DUQUOIN, Ill. (DTN) -- I had to go look. When reports that growers were mowing down corn in southern Illinois, Indiana and Kentucky came in on Friday, I had to see for myself. I knew the lack of rainfall coupled with triple-digit heat had hit us hard in central Illinois, but my travels over the past weekend have confirmed how much our deep soils protect us.
Traveling south to nearly the tip of Illinois and east to the Illinois/Indiana state line, I found those fields farmers had described to me as "pineapples." I might classify them more a yucca plants -- the knee-high to chest-high plants with their parched leaves were rolled so tight to be prickly. A few tasseled plants had small ears with no potential.
North of Centralia, Ill., I found fields that had ears that were small, but somewhat filled in. The shucks were dry, the ears had dropped on the shank, but surprisingly, there were more of these ears than I expected.
Near Broughton, Ill., north of Eldorado, I walked a field that was similarly dried down, but had very few ears. A few marestail and ragweed provided a touch of green.
This trip was a ramble and not a study. The only field that I found destroyed was chopped near DuQuoin, Ill. I figured it went for silage based on the fact the crop was removed and cut close to the ground. The plants that remained in the field were tasseled and had a few ears, but very few of those ears had any kernel set. The plants were pale green and rubber-like. The plant appeared to have had every drop of moisture sucked from it. I could feel the heat sapping my body as I stood among the remaining stand. The thermometer on my truck read 114 degrees Fahrenheit as I drove down the road.
Soybeans were a mixed bag. No question the soybeans I saw were struggling, but I would say they also appeared to be hanging tough. I didn't notice any leaf die back -- although stands in some fields were poor. Many of the wheat beans were barely showing above the stubble.
While I wouldn't call them garden spots, some of the bottoms near Vandalia, Ill., were standing tall and still mostly green with decent-size ears. The tips may not fill, but there will be a crop. Soybeans in the same area were small and far from shading the rows. Still, these fields are often those that get flooded in years when spring rains are plentiful.

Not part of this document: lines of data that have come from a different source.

Lemma continuous_along G p : lipschitz2_with G L -> B_lipschitz p ->
  forall s, continuous (fun r => G (fst p r) (snd p r)) s.
Proof.
  intros HG [H1 H2]. apply (lipschitz_with_continuous _ (2 * L * B)).
  now apply lipschitz2_with_comp.
Qed.

Lemma picard_map_lipschitz p : B_lipschitz p -> B_lipschitz (picard_map p).
Proof.
  intros Hp. split; apply RInt_lipschitz; try (apply continuous_along; assumption);
    intros s; apply G_bounded.
Qed.

Lemma picard_iter_lipschitz n : B_lipschitz (picard_iter n).
Proof.
  induction n as [|n IH]; [|now apply picard_map_lipschitz].
  pose proof B_ge0.
  split; intros s t; simpl; rewrite Rminus_diag, Rabs_R0;
    apply Rmult_le_pos; auto using Rabs_pos.
Qed.

(* Bielecki's weight [exp (4 L |t|)] turns the Picard map into a 1/2-contraction on all of R. *)
Lemma picard_map_contraction p p' K : B_lipschitz p -> B_lipschitz p' ->
  (forall s, dist_at p p' s <= K * exp (4 * L * Rabs s)) ->
  forall t, dist_at (picard_map p) (picard_map p') t <= K / 2 * exp (4 * L * Rabs t).
Proof.
  intros Hp Hp' Hd t.
  assert (Hcomp : forall G x1, lipschitz2_with G L ->
    Rabs (x1 + RInt (fun s => G (fst p s) (snd p s)) 0 t
          - (x1 + RInt (fun s => G (fst p' s) (snd p' s)) 0 t))
    <= K / 4 * exp (4 * L * Rabs t)).
  { intros G x1 HG.
    pose proof (continuous_along G p HG Hp) as Hc.
    pose proof (continuous_along G p' HG Hp') as Hc'.
    assert (Hminus : x1 + RInt (fun s => G (fst p s) (snd p s)) 0 t
          - (x1 + RInt (fun s => G (fst p' s) (snd p' s)) 0 t)
        = RInt (fun s => G (fst p s) (snd p s) - G (fst p' s) (snd p' s)) 0 t).
    { rewrite (RInt_minus (V := R_CompleteNormedModule));
        [| apply ex_RInt_continuous_R, Hc | apply ex_RInt_continuous_R, Hc'].
      unfold minus, plus, opp; simpl; ring. }
    rewrite Hminus.
    replace (K / 4 * exp (4 * L * Rabs t)) with (L * K * exp (4 * L * Rabs t) / (4 * L))
      by (field; lra).
    apply abs_RInt_le_exp; [lra | |].
    - intros s. apply (continuous_minus (V := R_NormedModule)); [apply Hc | apply Hc'].
    - intros s. eapply Rle_trans; [apply HG|]. rewrite Rmult_assoc.
      apply Rmult_le_compat_l; [lra | apply Hd]. }
  unfold dist_at; simpl.
  pose proof (Hcomp G1 x0 G1_lipschitz). pose proof (Hcomp G2 y0 G2_lipschitz). lra.
Qed.

Lemma picard_iter_step n t :
  dist_at (picard_iter (S n)) (picard_iter n) t <= B / L * (1 / 2) ^ n * exp (4 * L * Rabs t).
Proof.
  revert t. induction n as [|n IH]; intros t.
  - assert (Hfirst : forall G x1, (forall x y, Rabs (G x y) <= B) ->
        Rabs (x1 + RInt (fun s => G x0 y0) 0 t - x1) <= B * exp (4 * L * Rabs t) / (4 * L)).
    { intros G x1 HGB. rewrite Rplus_minus_l.
      apply abs_RInt_le_exp; [lra | intros; apply continuous_const |].
      intros s. pose proof (exp_ineq1_le (4 * L * Rabs s)).
      assert (0 <= 4 * L * Rabs s) by (pose proof (Rabs_pos s); nra).
      pose proof B_ge0. specialize (HGB x0 y0). nra. }
    unfold dist_at; simpl.
    pose proof (Hfirst G1 x0 (fun x y => proj1 (G_bounded x y))).
    pose proof (Hfirst G2 y0 (fun x y => proj2 (G_bounded x y))).
    assert (0 <= B * exp (4 * L * Rabs t) / (4 * L)).
    { pose proof B_ge0. pose proof (exp_pos (4 * L * Rabs t)).
      apply Rdiv_le_0_compat; [nra | lra]. }
    replace (B / L * 1 * exp (4 * L * Rabs t)) with (4 * (B * exp (4 * L * Rabs t) / (4 * L)))
      by (field; lra).
    lra.
  - replace (B / L * (1 / 2) ^ S n) with (B / L * (1 / 2) ^ n / 2) by (simpl; field; lra).
    apply (picard_map_contraction (picard_iter (S n)) (picard_iter n));
      auto using picard_iter_lipschitz.
Qed.

Lemma picard_iter_cauchy n m t : (n <= m)%nat ->
  dist_at (picard_iter m) (picard_iter n) t <= 2 * (B / L) * (1 / 2) ^ n * exp (4 * L * Rabs t).
Proof.
  intros Hnm. set (e := exp (4 * L * Rabs t)).
  assert (Htelescope : forall k, dist_at (picard_iter (n + k)) (picard_iter n) t
                           <= 2 * (B / L) * ((1 / 2) ^ n - (1 / 2) ^ (n + k)) * e).
  { induction k as [|k IH].
    - rewrite Nat.add_0_r. unfold dist_at. rewrite !Rminus_diag, Rabs_R0. lra.
    - rewrite Nat.add_succ_r.
      pose proof (dist_at_triangle (picard_iter (S (n + k))) (picard_iter (n + k))
                                   (picard_iter n) t).
      pose proof (picard_iter_step (n + k) t) as Hstep. fold e in Hstep.
      replace ((1 / 2) ^ S (n + k)) with ((1 / 2) * (1 / 2) ^ (n + k)) by (simpl; ring).
      lra. }
  replace m with (n + (m - n))%nat by lia.
  eapply Rle_trans; [apply Htelescope|].
  assert (0 <= B / L) by (apply Rdiv_le_0_compat; [apply B_ge0 | lra]).
  assert (0 <= (1 / 2) ^ (n + (m - n))) by (apply pow_le; lra).
  pose proof (exp_pos (4 * L * Rabs t)) as He. fold e in He.
  assert (0 <= 2 * (B / L) * e) by nra. nra.
Qed.
Definition pmod_hom (M N : pmod k S T)
    (f : forall x y, 'M[k]_(pdim M x y, pdim N x y)) : Prop :=
  forall x y x' y', (x <= x')%O -> (y <= y')%O ->
    pmor M x y x' y' *m f x' y' = f x y *m pmor N x y x' y'.

Definition pmod_iso (M N : pmod k S T) : Prop :=
  exists (f : forall x y, 'M[k]_(pdim M x y, pdim N x y))
         (g : forall x y, 'M[k]_(pdim N x y, pdim M x y)),
    pmod_hom f /\ pmod_hom g /\
    forall x y, f x y *m g x y = 1%:M /\ g x y *m f x y = 1%:M.

Definition pmod_dsum (N1 N2 : pmod k S T) : pmod k S T :=
  @PMod k dS dT S T (fun x y => (pdim N1 x y + pdim N2 x y)%N)
    (fun x y x' y' => block_mx (pmor N1 x y x' y') 0 0 (pmor N2 x y x' y')).

Definition pmod_zero (N : pmod k S T) : Prop := forall x y, pdim N x y = 0%N.

Definition indecomposable (M : pmod k S T) : Prop :=
  ~ pmod_zero M /\
  forall N1 N2 : pmod k S T, is_pmod N1 -> is_pmod N2 ->
    pmod_iso M (pmod_dsum N1 N2) -> pmod_zero N1 \/ pmod_zero N2.

(* middle exactness: with a=(x,y), b=(x,y'), c=(x',y), d=(x',y'), the
   sequence M_a -> M_b (+) M_c -> M_d,  v |-> (vA_ab, vA_ac),
   (u,w) |-> uA_bd - wA_cd, is exact at the middle (image = kernel). *)
Definition middle_exact (M : pmod k S T) : Prop :=
  forall x x' y y', (x <= x')%O -> (y <= y')%O ->
    forall w : 'rV[k]_(pdim M x y' + pdim M x' y),
      w *m col_mx (pmor M x y' x' y') (- pmor M x' y x' y') = 0 <->
      exists v : 'rV[k]_(pdim M x y),
        w = v *m row_mx (pmor M x y x y') (pmor M x y x' y).

Definition db_block (JS : S -> bool) (JT : T -> bool) : Prop :=
  (exists s, JS s) /\ (forall s s', (s' <= s)%O -> JS s -> JS s') /\
  (exists t, JT t) /\ (forall t t', (t' <= t)%O -> JT t -> JT t').

Definition kB (JS : S -> bool) (JT : T -> bool) : pmod k S T :=
  @PMod k dS dT S T (fun x y => if JS x && JT y then 1%N else 0%N)
    (fun x y x' y' => \matrix_(i, j)
       (if [&& JS x, JT y, JS x' & JT y'] then 1 else 0)).

End Defs.

From HB Require Import structures.
From mathcomp Require Import all_boot all_order all_algebra.
From mathcomp Require Import boolp classical_sets.

Set Implicit Arguments. Unset Strict Implicit. Unset Printing Implicit Defensive.
Import Order.TTheory GRing.Theory.
Local Open Scope ring_scope.

(* Take the witness [v] at [(x0, y0)] for which the two kernels killing it have
   minimal total dimension; middle exactness then makes the nonvanishing images
   of [v] a rectangle, and [J_S] ([J_T]) consists of the [s <= x0] and of the [s]
   where the image of [v] at [(s, y0)] is nonzero (similarly at [(x0, t)]).
   Middle exactness also lifts [v] to every point below [(x0, y0)] by vectors
   dying outside [B = J_S x J_T], and [v] has normalising functionals at the
   points of [B] above [(x0, y0)].  Zorn's lemma on inverse systems of
   finite-dimensional affine spaces chooses both families compatibly with the
   structure maps, which gives maps [k_B -> M -> k_B] composing to the identity;
   as [M] is indecomposable, [M] is isomorphic to [k_B]. *)

Section AffineSets.
Variable k : fieldType.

It's easy to identify areas that have been blessed with a bit more rainfall. Near Assumption, Ill., the corn is eight feet tall and much of it pollinated before the temperature cranked beyond 95 degrees. Still, even it was showing stress in the lower leaves over the weekend.
A front came through as I drove back to central Illinois, and I watched the thermometer drop from 103 to 79 in the span of an hour. Reports that southern Indiana received rain showers and that some growers are considering destroying corn and replanting soybeans have been filtering in. Calls to seed companies indicate that growers have inquired, but no sales were confirmed.
Growers it seems are a lot like their crops -- the last thing they want to do is give up.